In simpler words, B12 is necessary for the maintenance of hemoglobin which is responsible for carrying oxygen to the brain. If the brain does not get enough oxygen, you will begin to feel low in energy and it will have a negative effect on your mood.

It is recommended that Vitamin B12 intake should be 2.4 ug a day. While most B vitamins do not store well in the body, B12 can be stored for years. This is why a B12 deficiency only shows up when you have neglected your intake of this vitamin for several years.

The even trickier part about this vitamin is that it is only attainable through animal fats, meat, fish, eggs, and poultry.

Woman eating scrambled eggs with a fork

Plants cannot make or store B12, only microorganisms such as fungi can. Plants can only become B12 rich if they are fermented. This is why while soybeans may not be a very rich source of B12, but when it is fermented into tempeh, it becomes an excellent source of this nutrient. Similarly, fungi such as mushrooms, especially cremini mushrooms, are excellent for B12 consumption. One more vegan staple is nutritional yeast grown on a molasses medium. Just a teaspoon of this yeast is more than enough to get your recommended daily intake. Make sure to check the label before buying nutritional yeast because not all of them will provide you with the recommended daily B12 dosage.

The recommended daily intake for B12 is 2.4 micrograms. But even if you are consuming a cup of cremini mushroom every day, you will only be getting about 3% of this amount. This is why you should pick breakfast cereals and soy products fortified with B12.

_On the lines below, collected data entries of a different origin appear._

Lemma rsum_diff u a b : (forall s, 0 <= a s) -> (forall s, 0 <= b s) ->
  summable D (fun s => (a s)%:E) -> summable D (fun s => (b s)%:E) ->
  (forall s, D s -> u s = a s - b s) ->
  rsum u = fine (\esum_(s in D) (a s)%:E) - fine (\esum_(s in D) (b s)%:E).
Proof.
move=> a0 b0 sa sb uE.
have fin_pos : \esum_(s in D) (Num.max (u s) 0)%:E \is a fin_num.
  apply: ge0_summable_fin_num (le_summable _ sa) => [s | s Ds]; first exact: max0_ge0.
  by rewrite !ger0_norm ?max0_ge0 // ge_max a0 uE // andbT; have := b0 s; lra.
have fin_neg : \esum_(s in D) (Num.max (- u s) 0)%:E \is a fin_num.
  apply: ge0_summable_fin_num (le_summable _ sb) => [s | s Ds]; first exact: max0_ge0.
  by rewrite !ger0_norm ?max0_ge0 // ge_max b0 uE // andbT; have := a0 s; lra.
have balance : (\esum_(s in D) ((Num.max (u s) 0)%:E + (b s)%:E)
               = \esum_(s in D) ((Num.max (- u s) 0)%:E + (a s)%:E))%E.
  apply: eq_esum => s Ds; rewrite -!EFinD; congr EFin.
  by have := max0_subN (u s); rewrite uE //; lra.
rewrite !esumD in balance => //; try by move=> s _; rewrite lee_fin ?max0_ge0.
move/(congr1 fine): balance.
by rewrite !fineD ?fin_pos ?fin_neg ?ge0_summable_fin_num // /rsum; lra.
Qed.

Lemma rsumD u v : summable D (fun s => (u s)%:E) -> summable D (fun s => (v s)%:E) ->
  rsum (fun s => u s + v s) = rsum u + rsum v.
Proof.
move=> su sv; have [sNu sNv] := (summable_realN su, summable_realN sv).
have max0_fin (w : T -> R) : summable D (fun s => (w s)%:E) ->
    \esum_(s in D) (Num.max (w s) 0)%:E \is a fin_num.
  by move=> sw; apply: ge0_summable_fin_num _ (summable_max0 sw) => s; exact: max0_ge0.
rewrite (@rsum_diff _ (fun s => Num.max (u s) 0 + Num.max (v s) 0)
                      (fun s => Num.max (- u s) 0 + Num.max (- v s) 0)).
- under eq_esum do rewrite EFinD; under [X in _ - fine X]eq_esum do rewrite EFinD.
  rewrite !esumD ?fineD ?max0_fin //; try by move=> s _; rewrite lee_fin max0_ge0.
  by rewrite /rsum; lra.
- by move=> s; apply: addr_ge0; apply: max0_ge0.
- by move=> s; apply: addr_ge0; apply: max0_ge0.
- by apply: summable_realD; apply: summable_max0.
- by apply: summable_realD; apply: summable_max0.
- by move=> s _; have := max0_subN (u s); have := max0_subN (v s); lra.
Qed.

Vegans and vegetarians must take a supplement in order to get anywhere near their recommended dose of Vitamin B12. Luckily, there are supplements widely available at almost any supermarket or pharmacy. Vegans, however, must read the side of labels to ensure that the vitamin itself is vegan. Majority of vitamins on the market are made with gelatin, as it makes the pill easier to swallow. However, gelatin is created through the grinding of animal bones. If a vegan is purchasing Vitamin B12, or any other vitamins for that matter, be sure that the label reads that the vitamins inside are “Veggie capsules.”

Sources of Vitamin B-12 for Vegans and Vegetarians

  • Fortified almond milk-1 cup contains 3mcg of vitamin B12
  • Fortified coconut milk-1 cup contains 3 mcg of vitamin B12
  • Nutritional yeast -1 tbsp contains 2 mcg of Vitamin B12
  • Fortified soymilk-1 cup contains 1.2 mcg of vitamin B12
  • Vegan mayonnaise-1 tbsp contains 0.24 mcg
  • Tempeh 100 grams-0.12 mcg
  • Ready to eat fortified cereal-1/2 to 3/4th cup -0.6 to 6 mcg

Supplementation with vitamin B-complex is recommended for vegetarians and vegans. Take at least 10 mg of Vitamin B6, 400 mcg of folate and 10mcg of Vitamin B12.